For example in a videa about u-boot, https://www.youtube.com/watch?v=INWghYZH3hI, near time 43:01, I see the lecturer gives u-boot the kernel address and fdt address but not the initramfs address. (bootz 0x80000000 - 0x80800000) but linux boots to the login prompt and he can log in.
How come this is possible? I understand after the kernel boots it starts init process in the initramfs.(I forgot there were a precedence). Without initramfs, how is it possible to run login process or shell?
(it's related to programming so I ask it here. If requested I can move it to unix stackexchange. Is there a method of moving a question to somerewhere else automatically? guess not..)
this is what I learned from the comments with combination with my previous knowledge.
you can embed the initramfs.tar.gz file in the kernel binary image using CONFIG_INITRAMFS_SOURCE=nitramfs.cpio.gz in the configuration. (menuconfig). The initramfs image is placed at the end of the kernel image maybe (I remember).

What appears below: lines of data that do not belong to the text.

(* Let $\mathfrak g$, $\{e_i\}$, $\{e^i\}$, $H=U(\mathfrak g\ltimes\mathfrak g^* )$, $Q_1,Q_2$, $:\!Q_1Q_2\!:$, $:\!Q_1Q_2\!:^R$, $\kappa_{ij}$ and $F^{-1}$ (for any $\alpha,\beta$ with $\alpha-\beta=-\frac12$) be as in the context. Let $F^{-1}_{\rm red}\in S(\mathfrak g^* )\otimes S(\mathfrak g^* )[[\hbar]]$ be obtained from $F^{-1}$ by rewriting each tensor factor, using the relations of $H$, as a sum of monomials with all elements of $\mathfrak g^*$ to the left of all elements of $\mathfrak g$, and then discarding all monomials containing an element of $\mathfrak g$. Let $\mathrm{Tr}_{2k}\in S(\mathfrak g^* )$ be the polynomial function $v\mapsto\mathrm{tr}\big(({\rm ad}_v)^{2k}\big)$ on $\mathfrak g$, let $\alpha_{2k}$ be defined by $\sum_{k\ge1}\alpha_{2k}t^{2k}=\frac12\ln\big(\frac{\sinh(t/2)}{t/2}\big)$, and $\gamma=\exp\big(\sum_{k\ge1}\alpha_{2k}\hbar^{2k}\mathrm{Tr}_{2k}\big)$. Then $$F^{-1}_{\rm red}=(\Delta\gamma)(\gamma^{-1}\otimes\gamma^{-1})+O(\hbar^3),$$ where $\Delta$ is the coproduct of $U(\mathfrak g^* )=S(\mathfrak g^* )$ with $\mathfrak g^*$ primitive.
   Context: $\mathfrak g$ is a finite-dimensional Lie algebra with basis $\{e_i\}$, dual basis $\{e^i\}$; $\mathfrak g\ltimes\mathfrak g^*$ has $\mathfrak g^*$ as abelian ideal and $[x,\phi]=-\phi\circ{\rm ad}_x$; $H=U(\mathfrak g\ltimes\mathfrak g^* )$. $Q_1=e_i\otimes e^i$, $Q_2=e^i\otimes e_i$, $:\!Q_1Q_2\!:\,=e_ie^j\otimes e_je^i$, $:\!Q_1Q_2\!:^R=e^je_i\otimes e^ie_j$, $\kappa_{ij}=-\mathrm{tr}({\rm ad}_{e_i}{\rm ad}_{e_j})$ (sums over repeated indices), and $F^{-1}=1\otimes1+\hbar(\alpha Q_1+\beta Q_2)+\hbar^2\big(\frac{\alpha^2}{2}(Q_1+Q_2)Q_1+\frac{\beta^2}{2}(Q_1+Q_2)Q_2-\frac1{24}(:\!Q_1Q_2\!:+2:\!Q_1Q_2\!:^R+2\kappa_{ij}e^i\otimes e^j)\big)+O(\hbar^3)$. *)

From HB Require Import structures.
From mathcomp Require Import all_boot all_order all_algebra.
From mathcomp Require Import mpoly.
Set Implicit Arguments. Unset Strict Implicit. Unset Printing Implicit Defensive.
Import Order.TTheory GRing.Theory.
Local Open Scope ring_scope.

(* The Lie algebra g has basis e_0..e_{n-1} and structure constants c:
   [e_i, e_j] = \sum_k c i j k e_k.                                        *)
Definition is_lie_bracket (R : pzRingType) (n : nat) (c : 'I_n -> 'I_n -> 'I_n -> R) :=
  (forall i j k, c i j k = - c j i k) /\ (forall i, forall k, c i i k = 0) /\
  (forall i j k l, \sum_(m < n) (c j k m * c i m l + c k i m * c j m l
                                 + c i j m * c k m l) = 0).

Section Defs.
Variables (R : fieldType) (n : nat) (c : 'I_n -> 'I_n -> 'I_n -> R).

(* Letters of the tensor algebra of g (+) gdual : inl i = e_i, inr i = e^i. *)
Definition letter := ('I_n + 'I_n)%type.
Definition word := seq letter.

(* S(gdual) = polynomial functions on g = {mpoly R[n]}, e^i |-> 'X_i.
   Commutator in g |x gdual : [e_i, e^j] = - e^j o ad_{e_i}
                                   = - \sum_l c i l j e^l.               *)
Definition brack_dual (i j : 'I_n) : {mpoly R[n]} :=
  - \sum_(l < n) c i l j *: 'X_l.

(* Moving e_i to the right through a monomial e^{j1}...e^{jm} of S(gdual):
   e_i P = P e_i + sum of the commutator terms, i.e. the commutator terms
   form the derivation of S(gdual) extending e^j |-> [e_i, e^j].          *)
Definition ad_der (i : 'I_n) (p : {mpoly R[n]}) : {mpoly R[n]} :=
  \sum_(j < n) mderiv j p * brack_dual i j.

(* Normal ordering (gdual left of g) followed by discarding every monomial
   containing an element of g.  Processing the word from the right, a
   monomial whose g-part is nonempty stays so after left multiplication by
   any letter, so such monomials may be discarded as soon as they arise;
   the surviving (pure S(gdual)) part evolves as below.                    *)
Fixpoint red (w : word) : {mpoly R[n]} :=
  match w with
  | [::] => 1
  | inr j :: w' => 'X_j * red w'
  | inl i :: w' => ad_der i (red w')
  end.

(* S(gdual) (x) S(gdual) = {mpoly R[n + n]}; the two tensor embeddings. *)
Definition emb1 (p : {mpoly R[n]}) : {mpoly R[n + n]} :=
  p \mPo [tuple ('X_(lshift n i) : {mpoly R[n + n]}) | i < n].
Definition emb2 (p : {mpoly R[n]}) : {mpoly R[n + n]} :=
  p \mPo [tuple ('X_(rshift n i) : {mpoly R[n + n]}) | i < n].
Definition coprod (p : {mpoly R[n]}) : {mpoly R[n + n]} :=
  p \mPo [tuple ('X_(lshift n i) + 'X_(rshift n i) : {mpoly R[n + n]}) | i < n].

(* Formal elements of T(g+gdual) (x) T(g+gdual): finite linear combinations of
   pairs of words; they map onto H (x) H. *)
Definition T2 := seq (R * (word * word)).
Definition T2one : T2 := [:: (1, ([::], [::]))].
Definition T2add (a b : T2) : T2 := a ++ b.
Definition T2scale (r : R) (a : T2) : T2 := [seq (r * x.1, x.2) | x <- a].
Definition T2mul (a b : T2) : T2 :=
  [seq (x.1 * y.1, (x.2.1 ++ y.2.1, x.2.2 ++ y.2.2)) | x <- a, y <- b].
Definition T2sum (I : finType) (f : I -> T2) : T2 := flatten [seq f i | i <- enum I].
Definition T2pure (r : R) (u v : word) : T2 := [:: (r, (u, v))].

Definition red2 (a : T2) : {mpoly R[n + n]} :=
  \sum_(x <- a) x.1 *: (emb1 (red x.2.1) * emb2 (red x.2.2)).

Definition Q1 : T2 := T2sum (fun i : 'I_n => T2pure 1 [:: inl i] [:: inr i]).
Definition Q2 : T2 := T2sum (fun i : 'I_n => T2pure 1 [:: inr i] [:: inl i]).
Definition Q1Q2n : T2 := T2sum (fun ij : 'I_n * 'I_n =>
  T2pure 1 [:: inl ij.1; inr ij.2] [:: inl ij.2; inr ij.1]).
Definition Q1Q2R : T2 := T2sum (fun ij : 'I_n * 'I_n =>
  T2pure 1 [:: inr ij.2; inl ij.1] [:: inr ij.1; inl ij.2]).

But this was not the case in the youtube video I mentioned in my question. Near 40:29 in the video, the kernel boot command is shown to have "root=/dev/mmcblk0p1 rootfstype=ext4 rootwait console=tty0e,115200". So it's telling the kernel to use SD card 0's partition 1 as the root system after boot, instead of using initramfs.(when you want to use initramfs, you specify root=/dev/ram and pass the initramfs location. in qemu you use -initrd initramfs.cpio.gz option, or in real machine this information is passed through the device tree to the kernel, in the chosen node's initrd-start and initrd-end address.).